Print the data that follows without changing a single word.

- [Data in this exercise]:
====
Lemma test_F_lip p x : lipschitz_at d (F p) (\1_(S p) x * L p) x.
Proof.
move: p; apply: ord0_liftP => [|i]; rewrite /F /S /L ?ord_cons0 ?ord_consS;
  apply: (lipschitz_at_clamp01 hd) => y z;
  [exact: (dist_to_lipschitz hd U_neq0)|exact: (dist_to_lipschitz hd (A_neq0 i))].
Qed.

Lemma test_S_trivIset : trivIset setT S.
Proof.
suff disj p q x : p != q -> S p x -> S q x -> False.
  by move=> p q _ _ [x [Sp Sq]]; apply/eqP; apply: contraT => pq; case: (disj p q x pq Sp Sq).
have r0 := r_gt0.
move: p q; apply: ord0_liftP => [|i]; apply: ord0_liftP => [|i'];
  rewrite /S ?ord_cons0 ?ord_consS ?eqxx // => pq.
- move=> /S0_bounds/andP[+ _] /SA_bounds/andP[_ +].
  by have := level_ge j; have := dU_le_dA i' x; lra.
- move=> /SA_bounds/andP[_ +] /S0_bounds/andP[+ _].
  by have := level_ge j; have := dU_le_dA i x; lra.
- rewrite inj_eq in pq; last exact: lift_inj.
  move=> /SA_bounds/andP[_ +] /SA_bounds/andP[_ +].
  by have := dA_sep x pq; lra.
Qed.

Lemma test_energy_bound p :
  L p ^+ 2 * pr mu (S p) <= (r ^+ 2)^-1 * (64 * (m + 1) * m) * pr mu (C p).
Proof.
have r0 := r_gt0; have m0 := m_ge0.
move: p; apply: ord0_liftP => [|i]; rewrite /L /S /C ?ord_cons0 ?ord_consS.
  have mS0 : measurable S0 by apply: measurable_affine_cc measurable_dU.
  have hS0 : pr mu S0 + far (level j.+1) <= far (level j).
    have dh := delta_gt0.
    rewrite -prU //; last 2 first.
    - exact: measurable_far.
    - by apply/seteqP; split => // y [/S0_bounds/andP[_ +]]; rewrite /= level_S /h; lra.
    rewrite /far; apply: pr_le; [exact: measurableU mS0 (measurable_far _)|exact: measurable_far|].
    by move=> y [/S0_bounds/andP[+ _]|]; rewrite /C0 /= ?level_S; lra.
  have NpS : N%:R * pr mu S0 <= 2 * m * far (level j.+1).
    have -> : 2 * m * far (level j.+1) = N%:R * (far (level j.+1) * (2 * (m / N%:R))).
      by field; rewrite gt_eqF ?Nr_gt0.
    by rewrite (ler_wpM2l (ltW Nr_gt0)); move: thin; rewrite mulrDr mulr1; lra.
  have -> : `|slope0| ^+ 2 = (r ^+ 2)^-1 * (16 * N%:R ^+ 2).
    rewrite gtr0_norm ?invr_gt0 ?h_gt0 // /slope0 /h /delta.
    by field; rewrite !gt_eqF ?Nr_gt0.
  change (pr mu C0) with (far (level j.+1)); rewrite -!mulrA ler_wpM2l ?invr_ge0 ?sqr_ge0 //.
  have := N_le; have := pr_ge0 mu S0; have : 0 <= m * far (level j.+1) by rewrite mulr_ge0 ?pr_ge0.
  have := Nr_gt0; nra.
have hSA : pr mu (SA i) <= m * a i.
  apply: pr_gap_le; first exact: measurable_affine_cc (measurable_dA i).
    move=> x /SA_bounds/andP[_ +]; rewrite A0E /=; have := dU_le_dA i x; lra.
  move=> i' x /SA_bounds/andP[lo hi] Ax; have [ii'|ii'] := eqVneq i i'.
    by move: lo; rewrite ii' (dA_eq0 Ax); lra.
  by have := dA_sep x ii'; rewrite (dA_eq0 Ax); lra.
have -> : `|slopeA| ^+ 2 = (r ^+ 2)^-1 * 36.
  by rewrite normrN gtr0_norm ?divr_gt0 //; field; rewrite gt_eqF.
rewrite -!mulrA ler_wpM2l ?invr_ge0 ?sqr_ge0 //.
change (pr mu (A i)) with (a i).
have : 0 <= m * a i by apply: mulr_ge0 => //; exact: ltW (a_gt0 i).
nra.
Qed.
====
- [Task response]:
Lemma test_F_lip p x : lipschitz_at d (F p) (\1_(S p) x * L p) x.
Proof.
move: p; apply: ord0_liftP => [|i]; rewrite /F /S /L ?ord_cons0 ?ord_consS;
  apply: (lipschitz_at_clamp01 hd) => y z;
  [exact: (dist_to_lipschitz hd U_neq0)|exact: (dist_to_lipschitz hd (A_neq0 i))].
Qed.

Lemma test_S_trivIset : trivIset setT S.
Proof.
suff disj p q x : p != q -> S p x -> S q x -> False.
  by move=> p q _ _ [x [Sp Sq]]; apply/eqP; apply: contraT => pq; case: (disj p q x pq Sp Sq).
have r0 := r_gt0.
move: p q; apply: ord0_liftP => [|i]; apply: ord0_liftP => [|i'];
  rewrite /S ?ord_cons0 ?ord_consS ?eqxx // => pq.
- move=> /S0_bounds/andP[+ _] /SA_bounds/andP[_ +].
  by have := level_ge j; have := dU_le_dA i' x; lra.
- move=> /SA_bounds/andP[_ +] /S0_bounds/andP[+ _].
  by have := level_ge j; have := dU_le_dA i x; lra.
- rewrite inj_eq in pq; last exact: lift_inj.
  move=> /SA_bounds/andP[_ +] /SA_bounds/andP[_ +].
  by have := dA_sep x pq; lra.
Qed.

Lemma test_energy_bound p :
  L p ^+ 2 * pr mu (S p) <= (r ^+ 2)^-1 * (64 * (m + 1) * m) * pr mu (C p).
Proof.
have r0 := r_gt0; have m0 := m_ge0.
move: p; apply: ord0_liftP => [|i]; rewrite /L /S /C ?ord_cons0 ?ord_consS.
  have mS0 : measurable S0 by apply: measurable_affine_cc measurable_dU.
  have hS0 : pr mu S0 + far (level j.+1) <= far (level j).
    have dh := delta_gt0.
    rewrite -prU //; last 2 first.
    - exact: measurable_far.
    - by apply/seteqP; split => // y [/S0_bounds/andP[_ +]]; rewrite /= level_S /h; lra.
    rewrite /far; apply: pr_le; [exact: measurableU mS0 (measurable_far _)|exact: measurable_far|].
    by move=> y [/S0_bounds/andP[+ _]|]; rewrite /C0 /= ?level_S; lra.
  have NpS : N%:R * pr mu S0 <= 2 * m * far (level j.+1).
    have -> : 2 * m * far (level j.+1) = N%:R * (far (level j.+1) * (2 * (m / N%:R))).
      by field; rewrite gt_eqF ?Nr_gt0.
    by rewrite (ler_wpM2l (ltW Nr_gt0)); move: thin; rewrite mulrDr mulr1; lra.
  have -> : `|slope0| ^+ 2 = (r ^+ 2)^-1 * (16 * N%:R ^+ 2).
    rewrite gtr0_norm ?invr_gt0 ?h_gt0 // /slope0 /h /delta.
    by field; rewrite !gt_eqF ?Nr_gt0.
  change (pr mu C0) with (far (level j.+1)); rewrite -!mulrA ler_wpM2l ?invr_ge0 ?sqr_ge0 //.
  have := N_le; have := pr_ge0 mu S0; have : 0 <= m * far (level j.+1) by rewrite mulr_ge0 ?pr_ge0.
  have := Nr_gt0; nra.
have hSA : pr mu (SA i) <= m * a i.
  apply: pr_gap_le; first exact: measurable_affine_cc (measurable_dA i).
    move=> x /SA_bounds/andP[_ +]; rewrite A0E /=; have := dU_le_dA i x; lra.
  move=> i' x /SA_bounds/andP[lo hi] Ax; have [ii'|ii'] := eqVneq i i'.
    by move: lo; rewrite ii' (dA_eq0 Ax); lra.
  by have := dA_sep x ii'; rewrite (dA_eq0 Ax); lra.
have -> : `|slopeA| ^+ 2 = (r ^+ 2)^-1 * 36.
  by rewrite normrN gtr0_norm ?divr_gt0 //; field; rewrite gt_eqF.
rewrite -!mulrA ler_wpM2l ?invr_ge0 ?sqr_ge0 //.
change (pr mu (A i)) with (a i).
have : 0 <= m * a i by apply: mulr_ge0 => //; exact: ltW (a_gt0 i).
nra.
Qed.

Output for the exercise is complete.